Dense Passage Retrieval - NISHIO Hirokazu's Scrapbox (Auto-translated from Japanese)

Dense Passage Retrieval

Dense Passage Retrieval(DPR)

Dense Passage Retrieval for Open-Domain Question Answering

https://arxiv.org/abs/2004.04906

Open-domain question answering relies on efficient passage retrieval to select candidate contexts, where traditional sparse vector space models, such as TF-IDF or BM25, are the de facto method. In this work, we show that retrieval can be practically implemented using dense representations alone, where embeddings are learned from a small number of questions and passages by a simple dual-encoder framework. When evaluated on a wide range of open-domain QA datasets, our dense retriever outperforms a strong Lucene-BM25 system largely by 9%-19% absolute in terms of top-20 passage retrieval accuracy, and helps our end-to-end QA system establish new state-of-the-art on multiple open-domain QA benchmarks.

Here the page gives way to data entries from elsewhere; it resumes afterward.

(* Let $\ell\ge1$, $r_0,\dots,r_\ell\ge1$ integers, $d_0,\dots,d_\ell$ integers, $\mathbf{g}\ge0$ an integer, $\mu_k=d_k/r_k$, $r_V=\sum_kr_k$, $d_V=\sum_kd_k$, $\pi_R=\prod_k(r_k-1)!$, and $c>\max_k\mu_k$ real. With the integrals $\alpha_0,\alpha_j,\alpha_{jk},\beta_0,\beta_j$ defined in the context, for all $1\le j,k\le\ell$ with $j\ne k$: $\alpha_0=\frac{\pi_R}{r_V!}(cr_V-d_V)$, $\alpha_j=\frac{\pi_R}{(r_V+1)!}r_j\big(c(r_V+1)-d_V-\mu_j\big)$, $\alpha_{jk}=\frac{\pi_R}{(r_V+2)!}r_jr_k\big(c(r_V+2)-d_V-\mu_j-\mu_k\big)$, $\alpha_{jj}=\frac{\pi_R}{(r_V+2)!}r_j(r_j+1)\big(c(r_V+2)-d_V-2\mu_j\big)$, $\beta_0=\frac{\pi_R}{(r_V-1)!}\big((r_V-1)r_Vc+2(1-\mathbf{g})-(r_V-1)d_V\big)$, $\beta_j=\frac{\pi_Rr_j}{r_V!}\big(r_V(r_V-1)c+2(1-\mathbf{g})-d_V(r_V-2)-r_V\mu_j\big)$.
   Context: $\Delta=\{x\in\mathbb{R}^\ell:L_k(x)\ge0,\ k=0,\dots,\ell\}$ with $L_j(x)=x_j$ for $1\le j\le\ell$ and $L_0(x)=1-\sum_{j=1}^\ell x_j$; $d\mu$ is Lebesgue measure on $\mathbb{R}^\ell$; on each facet $F_j=\Delta\cap\{L_j=0\}$, $d\sigma$ is the measure with $dL_j\wedge d\sigma=-d\mu$, and $\int_{\partial\Delta}$ is the sum of the integrals over the facets. $p_c(x)=\big(c-\sum_{k=0}^\ell\mu_kL_k(x)\big)\prod_{k=0}^\ell L_k(x)^{r_k-1}$ and $Q(x)=\frac{2(1-\mathbf{g})}{c-\sum_k\mu_kL_k(x)}+\sum_{k:\,r_k\ge2}\frac{r_k(r_k-1)}{L_k(x)}$. For $1\le r,s\le\ell$: $\alpha_0=\int_\Delta p_c\,d\mu$, $\alpha_r=\int_\Delta x_rp_c\,d\mu$, $\alpha_{rs}=\int_\Delta x_rx_sp_c\,d\mu$, $\beta_0=\int_\Delta Qp_c\,d\mu+\int_{\partial\Delta}p_c\,d\sigma$, $\beta_r=\int_\Delta Qx_rp_c\,d\mu+\int_{\partial\Delta}x_rp_c\,d\sigma$. *)

From HB Require Import structures.
From mathcomp Require Import all_boot all_order all_algebra.
From mathcomp Require Import all_classical all_reals all_analysis.
Set Implicit Arguments. Unset Strict Implicit. Unset Printing Implicit Defensive.
Import Order.TTheory GRing.Theory Num.Theory.
Local Open Scope ring_scope.

Section SimplexIntegrals.
Variable R : realType.

(* Points of R^l are encoded as functions x : nat -> R, the coordinate x_j
   (1 <= j <= l) being x j; other indices are irrelevant. *)
Definition upd (x : nat -> R) (i : nat) (t : R) : nat -> R :=
  fun k => if k == i then t else x k.

(* Lebesgue integral over R^n computed as an iterated one-dimensional
   Lebesgue integral (Fubini): coordinate n innermost, coordinate 1 outermost. *)
Fixpoint iint (n : nat) (F : (nat -> R) -> R) : R :=
  match n with
  | 0 => F (fun _ => 0)
  | m.+1 => iint m (fun x => Rintegral (@lebesgue_measure R) setT
                               (fun t => F (upd x m.+1 t)))
  end.

Definition Lk (l k : nat) (x : nat -> R) : R :=
  if k == 0%N then 1 - \sum_(1 <= j < l.+1) x j else x k.

Definition in_simplex (l : nat) (x : nat -> R) : bool :=
  [forall k : 'I_l.+1, 0 <= Lk l k x].

Definition simplex_int (l : nat) (f : (nat -> R) -> R) : R :=
  iint l (fun x => if in_simplex l x then f x else 0).

(* Parametrization of the hyperplane {L_j = 0} by R^(l-1):
   for j >= 1, insert x_j = 0; for j = 0, x_i = y_i (i < l) and
   x_l = 1 - sum_{i<l} y_i. In both cases the measure sigma with
   dL_j /\ dsigma = -dmu is (as a positive measure) the pushforward of
   Lebesgue measure on R^(l-1) by this parametrization. *)
Definition facet_pt (l j : nat) (y : nat -> R) : nat -> R :=
  if j == 0%N then
    (fun i => if i == l then 1 - \sum_(1 <= i0 < l) y i0 else y i)
  else (fun i => if (i < j)%N then y i else if i == j then 0 else y i.-1).
Lemma annD f g : ann f -> ann g -> ann (f + g).
Proof. by move=> ann_f ann_g h; rewrite mulrDl raddfD /= ann_f ann_g addr0. Qed.

Lemma annM f g : ann f -> ann (g * f).
Proof. by move=> ann_f h; rewrite -mulrA mulrCA ann_f. Qed.

Lemma annZ c f : ann f -> ann (c *: f).
Proof. by move=> ann_f h; rewrite -scalerAl scalarZ /= ann_f mulr0. Qed.

Lemma ann_ideal : is_ideal ann.
Proof. by split; [exact: ann0 | exact: annD | move=> f g; exact: annM]. Qed.

Lemma annX a : no_cofactor a -> ann 'X_[a].
Proof. by move=> a_nc; apply: annP => b; rewrite -mpolyXD apolarX (negbTE (a_nc b)). Qed.

Section Homogeneous.
Variable D : nat.
Hypothesis mdeg_F : forall c, c \in F -> mdeg c = D.

Lemma no_cofactor_mdeg a : (D < mdeg a)%N -> no_cofactor a.
Proof. by move=> ltDa b; apply/negP => /mdeg_F; rewrite mdegD; lia. Qed.

Lemma ann_hcomp f d : ann f -> ann (hcomp d f).
Proof.
move=> ann_f; apply: annP => b.
have mdeg_cofactor a : (mdeg a == d) && ((a + b)%MM \in F) =
                       (d + mdeg b == D)%N && ((a + b)%MM \in F).
  case: (boolP (_ \in F)) => [/mdeg_F <-|]; last by rewrite !andbF.
  by rewrite mdegD eqn_add2r eq_sym.
have -> : apolar (hcomp d f * 'X_[b]) = (d + mdeg b == D)%:R * apolar (f * 'X_[b]).
  rewrite /hcomp mulr_suml linear_sum /= big_mkcond apolarMX mulr_sumr /=.
  apply: eq_bigr => a _; rewrite apolarZMX; have := mdeg_cofactor a.
  by case: (mdeg a == d); case: (_ == D)%N; case: (_ \in F) => //= _;
    rewrite ?(mul0r, mulr0, mul1r).
by rewrite ann_f mulr0.
Qed.

Lemma ann_homog_ideal : is_homog_ideal ann.
Proof. by split; [exact: ann_ideal | move=> f d; exact: ann_hcomp]. Qed.

Lemma ann_homogeneous_gt d f : (D < d)%N -> homogeneous d f -> ann f.
Proof.
move=> ltDd f_d; rewrite (mpolyE f) big_seq; apply: (big_ind ann).
- exact: ann0.
- exact: annD.
by move=> a /f_d a_d; apply/annZ/annX/no_cofactor_mdeg; rewrite a_d.
Qed.

Lemma ann_socle c0 : c0 \in F -> dim_mod ann (socle ann) 1.
Proof.
move=> c0F; exists (fun _ => 'X_[c0]); split; [|split].
- move=> _ j; rewrite -mpolyXD; apply/annX/no_cofactor_mdeg.
  by rewrite mdegD mdeg1 (mdeg_F c0F).
- move=> c; rewrite big_ord1 => /(_ 1) + i; rewrite (ord1 i) mulr1 scalarZ /=.
  by rewrite apolarX c0F mulr1.
move=> f soc_f; exists (fun _ => apolar f); rewrite big_ord1; apply: annP => b.
rewrite mulrBl raddfB /= apolarZMX.
have [->|b_neq0] := eqVneq b 0%MM.
  by rewrite mpolyX0 mulr1 addm0 c0F mulr1 subrr.
have [j bj_neq0] : exists j, b j != 0%N.
  apply/existsP; apply: contraR b_neq0; rewrite negb_exists => /forallP bj0.
  by apply/eqP/mnmP => j; rewrite mnm0E; move: (bj0 j); rewrite negbK => /eqP.
have -> : (c0 + b)%MM \in F = false.
  apply/negbTE/negP => /mdeg_F; rewrite mdegD (mdeg_F c0F).
  by move: b_neq0; rewrite -mdeg_eq0; lia.
have -> : b = (U_(j) + (b - U_(j)))%MM by rewrite addmC submK // lep1mP.
by rewrite mulr0 subr0 mpolyXD mulrA [f * _]mulrC soc_f.
Qed.
(* Consider the PDP-TSLU feasible set described in the context. For each pair of pickup tasks with $i\in P^{4},\ j\in P^{1}$, or $i\in P^{3},\ j\in P^{2}$, every feasible solution of the PDP-TSLU satisfies \[ x_{ij}+x_{ji}+x_{i,i+n}+x_{i+n,j+n}\le 1, \] where any variable $x_{uv}$ whose arc $(u,v)$ is not in the arc set $A$ is taken to be $0$.
   Context: Data. Let $n\ge1$, $P=\{1,\dots,n\}$ (pickup tasks), $D=\{n+1,\dots,2n\}$ (delivery tasks; task $i+n$ is the delivery paired with pickup $i$), $V'=P\cup D$, $V=\{0\}\cup V'\cup\{2n+1\}$ ($0$ and $2n+1$ are virtual start and end tasks). Each $i\in V'$ has a side indicator $a_i\in\{0,1\}$. Define $P^{1}=\{i\in P:a_i=a_{i+n}=0\}$, $P^{2}=\{i\in P:a_i=a_{i+n}=1\}$, $P^{3}=\{i\in P:a_i=0,a_{i+n}=1\}$, $P^{4}=\{i\in P:a_i=1,a_{i+n}=0\}$. The pickup tasks are partitioned into FIFO queues (one per station); for pickups $k,j$ in the same queue, $k\lhd j$ (equivalently $j\rhd k$) means $k$ is queued ahead of $j$, and $i\oplus1$ denotes the pickup queued immediately behind $i$ in its queue (if any). Given are an integer capacity $Q\ge1$, loads $q_i>0$ and $q_{i+n}=-q_i$ for $i\in P$, durations $s_i\ge0$ for $i\in V\setminus\{2n+1\}$ with $s_0=0$, windows $[e_i,l_i]$ for $i\in P$, and travel times $t_{ij}\ge0$. Arc set. For $i\in P$ let $S^{i}_{P,1}=\{j\in P:j\lhd i\}$, $S^{i}_{P,2}=\{j\in P:j\rhd i\oplus1\}$, $S^{i}_{P,3}=P^{3}$ if $i\in P^{1}\cup P^{4}$ (else $\emptyset$), $S^{i}_{P,4}=P^{4}$ if $i\in P^{2}\cup P^{3}$ (else $\emptyset$), $S^{i}_{D,1}=\{j\in D:j-n\rhd i\}$, $S^{i}_{D,2}=\{j\in D:j-n\in P^{1}\cup P^{4}\setminus\{i\}\}$ if $i\in P^{1}\cup P^{3}$ (else $\emptyset$), $S^{i}_{D,3}=\{j\in D:j-n\in P^{2}\cup P^{3}\setminus\{i\}\}$ if $i\in P^{2}\cup P^{4}$ (else $\emptyset$). For $i\in D$ let $S^{i}_{P,5}=\{j\in P:j\lhd i-n\}$; $S^{i}_{P,6}=\{j\in P:\exists k\in P^{3},\ i-n\lhd k\lhd j\}$ if $i-n\in P^{1}$ (else $\emptyset$); $S^{i}_{P,7}=\{j\in P:\exists k\in P^{4},\ i-n\lhd k\lhd j\}$ if $i-n\in P^{2}$ (else $\emptyset$); $S^{i}_{P,8}=\{j\in P:|\{k\in P^{3}:i-n\lhd k\lhd j\}|\ge Q\}$ if $i-n\in P^{3}$ (else $\emptyset$); $S^{i}_{P,9}=\{j\in P:|\{k\in P^{4}:i-n\lhd k\lhd j\}|\ge Q\}$ if $i-n\in P^{4}$ (else $\emptyset$); $S^{i}_{D,4}=\{j\in D:j-n\rhd i-n\}$ if $i-n\in P^{1}\cup P^{2}$ (else $\emptyset$); $S^{i}_{D,5}=\{j\in D:j-n\lhd i-n\}$ if $i-n\in P^{3}\cup P^{4}$ (else $\emptyset$); $S^{i}_{D,6}=\{j\in D:j-n\in S^{i}_{P,8}\cup S^{i}_{P,9}\}$; $S^{i}_{D,7}=\{j\in D:j-n\in P^{2}\cup P^{4}\}$ if $i-n\in P^{3}$ (else $\emptyset$); $S^{i}_{D,8}=\{j\in D:j-n\in P^{1}\cup P^{3}\}$ if $i-n\in P^{4}$ (else $\emptyset$). The arc set is $A=\{(0,j):j\in P,\ \nexists k\lhd j\}\cup\{(i,2n+1):i\in D,\ \nexists k\rhd i-n\}\cup\{(i,j):i\in P,\ j\in V'\setminus(\cup_{l=1}^{4}S^{i}_{P,l}\cup\cup_{l=1}^{3}S^{i}_{D,l})\}\cup\{(i,j):i\in D,\ j\in V'\setminus(\cup_{l=5}^{9}S^{i}_{P,l}\cup\cup_{l=4}^{8}S^{i}_{D,l})\}$, minus all $(i,j)$ with $i,j\in V'$ and $i=j$ or $i=j+n$. Let $A'=\{(i,j)\in A:i,j\in V'\}$. Feasible solutions of the PDP-TSLU. Variables: $x_{ij}\in\{0,1\}$ for $(i,j)\in A$; $y^{k}_{ij}\in\{0,1\}$ for $(i,j)\in A'$, $k\in P$; reals $b_i\ge0$ ($b_0=0$) and $w_i\ge0$ ($w_0=0$). Constraints: (i) $\sum_{j:(i,j)\in A}x_{ij}=1$ for $i\in V\setminus\{2n+1\}$ and $\sum_{j:(j,i)\in A}x_{ji}=1$ for $i\in V\setminus\{0\}$; (ii) $b_{i+n}\ge b_i+s_i+t_{i,i+n}$ for $i\in P$; (iii) $b_{i\oplus1}\ge b_i+s_i$ whenever $i\oplus1$ exists; (iv) for $(i,j)\in A$ with $j\in V'\cup\{2n+1\}$, $x_{ij}=1\Rightarrow b_j\ge b_i+s_i+t_{ij}$, and for $(i,j)\in A$ with $j\in V'$, $x_{ij}=1\Rightarrow w_j\ge w_i+q_j$; (v) $e_i\le b_{i+n}+s_{i+n}\le l_i$ for $i\in P$; (vi) $\max\{0,q_i\}\le w_i\le\min\{Q,Q+q_i\}$ for $i\in V'$; (vii) for all $i\in V'$, $k\in P$: $\sum_{j:(i,j)\in A'}y^k_{ij}-\sum_{j:(j,i)\in A'}y^k_{ji}$ equals $1$ if $i=k$, $-1$ if $i=k+n$, $0$ otherwise; (viii) writing $Y^k(v)=\sum_{u:(u,v)\in A'}y^k_{uv}$: $Y^k(j)=Y^k(j+n)$ for $j\in P^{1}\setminus\{k\},k\in P^{1}$ and for $j\in P^{2}\setminus\{k\},k\in P^{2}$; $Y^k(j)+Y^k(j+n)\le1$ for $j\in P^{3}\setminus\{k\},k\in P^{3}$ and for $j\in P^{4}\setminus\{k\},k\in P^{4}$; $y^k_{uj}=0$ for all $(u,j)\in A'$ when ($j\in P^{3},k\in P^{1}$) or ($j\in P^{4},k\in P^{2}$) or ($j\in P^{4},k\in P^{3}$) or ($j\in P^{3},k\in P^{4}$); $y^k_{u,j+n}=0$ for all $(u,j+n)\in A'$ when ($j\in P^{4},k\in P^{1}$) or ($j\in P^{3},k\in P^{2}$); (ix) $y^k_{ij}\le x_{ij}$ for $(i,j)\in A'$, $k\in P$. *)

From HB Require Import structures.
From mathcomp Require Import all_boot all_order all_algebra.
Set Implicit Arguments. Unset Strict Implicit. Unset Printing Implicit Defensive.
Import Order.TTheory GRing.Theory Num.Theory.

(DeepL) Open domain question answering relies on efficient sentence retrieval to select candidate contexts, and traditional sparse vector space models such as TF-IDF and BM25 are the de facto methods. In this study, we show that by learning embeddings from a small number of questions and sentences via a simple dual-encoder framework, retrieval can be practically implemented using only dense representations. When evaluated on a wide range of open-domain QA datasets, our dense search significantly outperforms the powerful Lucene-BM25 system in terms of retrieval accuracy for the top 20 passages by 9%-19% absolute, indicating that our end-to-end QA system can be used in multiple open-domain QA benchmarks to help establish a new state-of-the-art.

Validation of DPR in Open Domain QA PDF

[AI Shift Advent Calendar 2022 Presentation at the 13th Symposium on Interactive Systems | AI Shift Inc.

Two-Tower model

https://www.youtube.com/watch?v=3giqIW2pIW4

[Report The recommendation model behind Google's Two- Tower" and Vector Neighborhood Search Technology #GoogleCloudDay | DevelopersIO]

---

This page is auto-translated from /nishio/Dense Passage Retrieval. If you looks something interesting but the auto-translated English is not good enough to understand it, feel free to let me know at @nishio_en. I'm very happy to spread my thought to non-Japanese readers.